TASK TO CARRY OUT:
In the entries below, how many lines include "delta"? Reply with the number and nothing more.

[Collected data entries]
+===+
Lemma self_matched_payoff x : I x -> (mu x).1 = x.1 ->
  u x = F x.1 x.1 / 2 /\ w x = F x.1 x.1 / 2.
Proof.
move=> Ix self; have mu_self : (mu (mu x)).1 = (mu x).1 by rewrite muK.
have := half_self_output_le_wage (mu_in Ix) mu_self.
have := half_self_output_le_wage Ix self; have := wage_add_partner Ix.
rewrite payoff_wage // self => w_add w_ge w_mu_ge.
have wE : w x = F x.1 x.1 / 2 by lra.
by rewrite wE; split => //; field.
Qed.

End Equilibrium.

Theorem proposition3 (R : realType) (I1 I2 : set R)
  (H : probability (R * R)%type R) (F : R -> R -> R) (o : R * R -> R)
  (mu : R * R -> R * R) (u w : R * R -> R) (x2star : R -> R) :
  closed_interval I1 -> closed_interval I2 ->
  (exists m, [/\ I2 m, -(1/2) < m & forall y, I2 y -> m <= y]) ->
  full_support H (I1 `*` I2) ->
  cond_cdf_abs_continuous H I1 ->
  symmetric_prod F -> increasing_prod F -> C2 F ->
  (forall x, (I1 `*` I2) x -> o x < F x.1 x.1 / 2) ->
  assumption1 H I1 I2 F ->
  assumption2 H I1 I2 F ->
  competitive_equilibrium H (I1 `*` I2) F mu u ->
  (forall x1, I1 x1 -> I2 (x2star x1) /\ (mu (x1, x2star x1)).1 = x1) ->
  (forall x, (I1 `*` I2) x -> u x = (1 + 2 * x.2) * w x - x.2 * F x.1 (mu x).1) ->
  forall x, (I1 `*` I2) x ->
    (exists v, is_RS_integral (fun s => (s - x.2) / (1 + 2 * s))
                 (fun s => F x.1 (mu (x.1, s)).1) (x2star x.1) x.2 v /\
               u x = F x.1 x.1 / 2 + v) /\
    (exists v, is_RS_integral (fun s => s / (1 + 2 * s))
                 (fun s => F x.1 (mu (x.1, s)).1) (x2star x.1) x.2 v /\
               w x = F x.1 x.1 / 2 + v).
Proof.
move=> _ [_ [_ I2_convex]] [m [_ m_gt I2_ge_m]] _ _ F_sym _ _ _ _ _ eqm x2star_self
  payoff_wage [x1 x2] [/= I1x1 I2x2].
have I_pos x : (I1 `*` I2) x -> 0 < 1 + 2 * x.2 by case=> _ /I2_ge_m; lra.
have I2_itv : is_interval I2 by move=> a b Ia Ib z; apply: I2_convex.
have [I2a0 a0_self] := x2star_self x1 I1x1; set a0 := x2star x1 in I2a0 a0_self *.
have Ia0 : (I1 `*` I2) (x1, a0) by [].
have [ua0 wa0] := self_matched_payoff F_sym eqm I_pos payoff_wage Ia0 a0_self.
set B := fun s => 2 * w (x1, s) - F x1 (mu (x1, s)).1.
have sub : subgradient_on I2 (fun s => u (x1, s)) B.
  by apply: (payoff_subgradient F_sym eqm I_pos payoff_wage) => s; split.
have GE s : I2 s -> F x1 (mu (x1, s)).1 = 2 * u (x1, s) - (1 + 2 * s) * B s.
  by move=> I2s; rewrite payoff_wage //= /B; ring.
have B_a0 : B a0 = 0 by rewrite /B wa0 a0_self /=; lra.
have m_pos : 0 < 1 + 2 * m by lra.
have integral c := is_RS_integral_subgradient c I2_itv I2_ge_m m_pos I2a0 I2x2 sub GE.
split; eexists; split.
- exact: integral x2.
- by rewrite ua0 B_a0 /=; ring.
- have -> : (fun s : R => s / (1 + 2 * s)) = (fun s => (s - 0) / (1 + 2 * s)).
    by apply: funext => s; rewrite subr0.
  exact: integral 0.
- by rewrite ua0 B_a0 /B payoff_wage //=; ring.
Qed.
(* Let $f:\{0,1,2,3,4,5\}^*\to\{0,1,2,3,4,5\}^*$ be the morphism $f(0)=01$, $f(1)=23$, $f(2)=45$, $f(3)=02$, $f(4)=05$, $f(5)=25$, and let $\rho$ be the coding $\rho(0)=\rho(1)=\rho(2)=\rho(3)=0$, $\rho(4)=\rho(5)=1$. Let $\mathbf{w}=\rho(f^\omega(0))$, an infinite word over $\{0,1\}$. Then $\mathbf{w}$ contains no squares of order $\geq 3$ and contains exactly $5$ distinct squares. Moreover, $\mathbf{w}$ is the lexicographically least infinite binary word among all infinite binary words that are generated by a $2$-automaton with at most $6$ states, contain no square of order $\geq 3$, and contain only $5$ distinct squares.
   Context: A square is a nonempty word of the form $xx$; its order is $|x|$. ''Contains'' means as a factor (contiguous subword). A morphism $h$ satisfies $h(xy)=h(x)h(y)$; if $h(a)=ax$ with $h^i(x)\neq\epsilon$ for all $i$, then $h^\omega(a)=a\,x\,h(x)\,h^2(x)\cdots$ is the fixed point of $h$ starting with $a$. A coding is a morphism sending letters to letters. A $k$-automaton (DFAO) with $s$ states generates the infinite word $(a_n)_{n\ge0}$ if, on input the base-$k$ representation of $n$ (most significant digit first), it ends in a state whose output is $a_n$. Equivalently (Cobham), the word is the image under a coding of a fixed point of a $k$-uniform morphism over an alphabet of $s$ letters. *)

From mathcomp Require Import all_boot.
Set Implicit Arguments. Unset Strict Implicit. Unset Printing Implicit Defensive.

(* Infinite words over {0,1} are functions nat -> bool (false = 0, true = 1). *)
Definition bword := nat -> bool.

Definition factor_at (w : bword) (i len : nat) : seq bool :=
  [seq w (i + k) | k <- iota 0 len].

Definition is_factor (w : bword) (s : seq bool) : Prop :=
  exists i, factor_at w i (size s) = s.

Definition is_square_of_order (s : seq bool) (n : nat) : Prop :=
  exists x : seq bool, size x = n /\ 0 < n /\ s = x ++ x.

Definition is_square (s : seq bool) : Prop := exists n, is_square_of_order s n.

Definition no_square_of_order_ge (w : bword) (m : nat) : Prop :=
  forall s n, is_factor w s -> is_square_of_order s n -> n < m.

Definition num_distinct_squares (w : bword) (k : nat) : Prop :=
  exists S : seq (seq bool), uniq S /\ size S = k /\
    forall s, s \in S <-> (is_square s /\ is_factor w s).

Definition lex_le (u v : bword) : Prop :=
  (forall n, u n = v n) \/
  exists n, (forall i, i < n -> u i = v i) /\ u n = false /\ v n = true.

(* Base-2 representation of n, most significant digit first, no leading
   zeros; the representation of 0 is the empty word. Digit 1 = true. *)
Fixpoint lsb_digits (fuel n : nat) : seq bool :=
  match fuel with
  | 0 => [::]
  | fuel'.+1 => if n == 0 then [::] else odd n :: lsb_digits fuel' n./2
  end.
Definition base2 (n : nat) : seq bool := rev (lsb_digits n n).

Record dfao2 (s : nat) := Dfao2 {
  q0 : 'I_s;
  delta : 'I_s -> bool -> 'I_s;
  out : 'I_s -> bool
}.

Definition generates (s : nat) (A : dfao2 s) (w : bword) : Prop :=
  forall n, w n = out A (foldl (delta A) (q0 A) (base2 n)).

Definition two_automatic_le (m : nat) (w : bword) : Prop :=
  exists s, s <= m /\ exists A : dfao2 s, generates A w.

Definition f_img (a : nat) : seq nat :=
  match a with
  | 0 => [:: 0; 1]
  | 1 => [:: 2; 3]
  | 2 => [:: 4; 5]
  | 3 => [:: 0; 2]
  | 4 => [:: 0; 5]
  | _ => [:: 2; 5]
  end.

Definition f_seq (s : seq nat) : seq nat := flatten (map f_img s).

(* f^omega(0): its n-th letter is the n-th letter of f^(n+1)(0), which is a
   prefix of f^omega(0) of length 2^(n+1) > n. *)
Definition f_fix (n : nat) : nat := nth 0 (iter n.+1 f_seq [:: 0]) n.

Definition rho (a : nat) : bool := (a == 4) || (a == 5).

Definition w_word : bword := fun n => rho (f_fix n).

From mathcomp Require Import all_boot zify.
Set Implicit Arguments. Unset Strict Implicit. Unset Printing Implicit Defensive.
(* Let $\mathcal A$ be cocomplete, $(M,\eta)$ a pointed endofunctor, and $\lambda:M(H\times\mathrm{Id})\to(H\times\mathrm{Id})M$ a distributive law of $(M,\eta)$ over the copointed functor $(H\times\mathrm{Id},\pi_1)$, with $\lambda$-interpretation $b:MC\to C$. Then $c^{-1}\cdot Hb:HMC\to C$ is a completely iterative algebra for $HM$.
   Context: $\mathcal A$ has binary products and coproducts; $H:\mathcal A\to\mathcal A$ is a functor with terminal coalgebra $c:C\to HC$ (an isomorphism by Lambek's lemma). A pointed endofunctor is a functor $M$ with a natural transformation $\eta:\mathrm{Id}\to M$. A distributive law of $(M,\eta)$ over the copointed functor $(D,\varepsilon)=(H\times\mathrm{Id},\pi_1)$ is a natural transformation $\lambda:MD\to DM$ with $\lambda\cdot\eta D=D\eta$ and $\varepsilon M\cdot\lambda=M\varepsilon$. Its $\lambda$-interpretation is the unique $b:MC\to C$ with $c\cdot b=Hb\cdot\pi_0\cdot\lambda_C\cdot M\langle c,\mathrm{id}_C\rangle$; $(C,b)$ then satisfies $b\cdot\eta_C=\mathrm{id}_C$. A $G$-algebra $a:GA\to A$ is a completely iterative algebra if every $e:X\to GX+A$ has a unique $e^\dagger:X\to A$ with $e^\dagger=[a,\mathrm{id}_A]\cdot(Ge^\dagger+\mathrm{id}_A)\cdot e$. *)

Set Implicit Arguments.
Unset Strict Implicit.

Record Category := {
  Ob :> Type;
  Hom : Ob -> Ob -> Type;
  comp : forall {X Y Z : Ob}, Hom Y Z -> Hom X Y -> Hom X Z;
  idm : forall X : Ob, Hom X X;
  comp_assoc : forall X Y Z W (f : Hom X Y) (g : Hom Y Z) (h : Hom Z W),
      comp h (comp g f) = comp (comp h g) f;
  comp_id_l : forall X Y (f : Hom X Y), comp (idm Y) f = f;
  comp_id_r : forall X Y (f : Hom X Y), comp f (idm X) = f
}.
Arguments Hom {c} _ _.
Arguments comp {c X Y Z} _ _.
Arguments idm {c} X.
Infix "∘" := comp (at level 40, left associativity).

Record Endofunctor (A : Category) := {
  fob :> A -> A;
  fmap : forall {X Y : A}, Hom X Y -> Hom (fob X) (fob Y);
  fmap_id : forall X : A, fmap (idm X) = idm (fob X);
  fmap_comp : forall (X Y Z : A) (f : Hom X Y) (g : Hom Y Z),
      fmap (g ∘ f) = fmap g ∘ fmap f
}.
Arguments fmap {A} e {X Y} _.

Definition IdFunctor (A : Category) : Endofunctor A.
Proof.
  refine {| fob := fun X => X; fmap := fun X Y f => f |}; reflexivity.
Defined.

Definition CompFunctor (A : Category) (G F : Endofunctor A) : Endofunctor A.
Proof.
  refine {| fob := fun X => G (F X); fmap := fun X Y f => fmap G (fmap F f) |}.
  - intros X. rewrite !fmap_id. reflexivity.
  - intros X Y Z f g. rewrite !fmap_comp. reflexivity.
Defined.

Record BinProducts (A : Category) := {
  prod : A -> A -> A;
  pi0 : forall X Y : A, Hom (prod X Y) X;
  pi1 : forall X Y : A, Hom (prod X Y) Y;
  pair : forall {Z X Y : A}, Hom Z X -> Hom Z Y -> Hom Z (prod X Y);
  pair_pi0 : forall Z X Y (f : Hom Z X) (g : Hom Z Y), pi0 X Y ∘ pair f g = f;
  pair_pi1 : forall Z X Y (f : Hom Z X) (g : Hom Z Y), pi1 X Y ∘ pair f g = g;
  pair_uniq : forall Z X Y (f : Hom Z X) (g : Hom Z Y) (h : Hom Z (prod X Y)),
      pi0 X Y ∘ h = f -> pi1 X Y ∘ h = g -> h = pair f g
}.
Arguments prod {A} _ _ _.
Arguments pi0 {A} _ X Y.
Arguments pi1 {A} _ X Y.
Arguments pair {A} _ {Z X Y} _ _.
Lemma rhohatP_mixture_le P :
  Pmix `<< P -> rhohatP alpha Pmix X <= rhohatP alpha P X.
Proof.
move=> PmixP; apply: ge_ereal_sup => _ [Q QPmix <-].
apply: ereal_sup_ubound; exists Q => //.
exact: null_dominates_trans QPmix PmixP.
Qed.

Lemma rhohatP_mixture_le_rhoP P :
  Pmix `<< P -> rhohatP alpha Pmix X <= rhoP alpha P X.
Proof.
move=> PmixP; apply: le_ereal_inf_tmp => _ [Xt [[mXt _] PXt] <-].
rewrite rho_ae_version//; apply: ae_dominated PmixP _.
by apply/probability_eq1_ae => //; exact: measurable_eqr.
Qed.

Lemma rhoP_le_rhohatP_mixture P : Linf P X -> Linf Pmix X ->
  rhoP alpha P X <= rhohatP alpha Pmix X.
Proof.
move=> LinfP LinfPmix.
have [Xt [bdXt PXt PmixXt]] := exists_bounded_version LinfP LinfPmix.
rewrite -(rho_ae_version bdXt.1 PmixXt).
apply: ereal_inf_lbound; exists Xt => //.
by split => //; apply/probability_eq1_ae => //; exact: measurable_eqr bdXt.1 mX.
Qed.

End penalty_dominated_by_mixture.

Theorem corollary6p14
  (d : measure_display) (Omega : measurableType d) (R : realType)
  (dT : measure_display) (Theta : measurableType dT)
  (nu : probability Theta R)
  (Pth : Theta -> probability Omega R)
  (Pmix : probability Omega R)
  (QP : set (probability Omega R))
  (alphat alpha : probability Omega R -> \bar R)
  (P2 : Theta -> {measure set Omega -> \bar R}) :
  (* θ ↦ P^θ(A) is measurable for every A ∈ F *)
  (forall A, measurable A -> measurable_fun [set: Theta] (fun th => Pth th A)) ->
  (* M^Θ is closed under countable convex combinations *)
  (forall (th : nat -> Theta) (lam : nat -> R),
     (forall i, 0 <= lam i)%R ->
     \sum_(0 <= i <oo) (lam i)%:E = 1 ->
     exists th0, forall A, measurable A ->
       Pth th0 A = \sum_(0 <= i <oo) (lam i)%:E * Pth (th i) A) ->
  (* the mixture ℙ(A) = ∫ P^θ(A) ν(dθ) *)
  (forall A, measurable A -> Pmix A = \int[nu]_th Pth th A) ->
  (* Q^ℙ ⊆ P^ℙ, weak-* closed *)
  (forall Q, QP Q -> Q `<< Pmix) ->
  weak_closed QP ->
  (* form of α *)
  (forall Q, QP Q -> alpha Q = alphat Q) ->
  (forall Q, ~ QP Q -> alpha Q = +oo) ->
  (forall Q, QP Q -> alphat Q < +oo) ->
  -oo < ereal_inf (alphat @` QP) ->
  (* standing assumption: ρ is real-valued on 𝒳 *)
  (forall X : Omega -> R, bdd_meas X -> rho alpha X \is a fin_num) ->
  (* P2 θ is the singular part of the Lebesgue decomposition of P^θ w.r.t. ℙ *)
  (forall th, lebesgue_singular_part (Pth th) Pmix (P2 th)) ->
  (forall A, measurable A -> 0 < Pmix A ->
     \int[nu]_th P2 th A < Pmix A) ->
  forall X : Omega -> R,
    (forall th, Linf (Pth th) X) -> Linf Pmix X ->
    let M := range Pth in
    rhohatM alpha M X = rhohatP alpha Pmix X /\
    rhohatP alpha Pmix X = rhoP alpha Pmix X /\
    rhoP alpha Pmix X = rhoM alpha M X.
Proof.
move=> _ convex_closed mixture QP_dom _ _ alpha_out _ _ _ singular singular_lt.
move=> X LinfPth LinfPmix M.
have mX := LinfPmix.1.
have [th0 Pmix_th0] :=
  exists_dominating_parameter convex_closed mixture singular singular_lt.
have Mth0 : M (Pth th0) by exists th0.
have rhoP_le := rhoP_le_rhohatP_mixture QP_dom alpha_out mX.
have rhoP_ge := rhohatP_mixture_le_rhoP QP_dom alpha_out mX.
have rhoPmixE : rhoP alpha Pmix X = rhohatP alpha Pmix X.
  by apply/eqP; rewrite eq_le rhoP_le// rhoP_ge.
rewrite rhoPmixE; split; last split => //.
- apply: ereal_sup_image_eq Mth0 (rhohatP_mixture_le _ Pmix_th0) _ => P _.
  exact: rhohatP_le_mixture QP_dom alpha_out P.
- apply/esym; apply: ereal_sup_image_eq Mth0 (rhoP_ge _ Pmix_th0) _.
  by move=> _ [th _ <-]; exact: rhoP_le.
Qed.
+===+
SOLVED EXERCISE:
2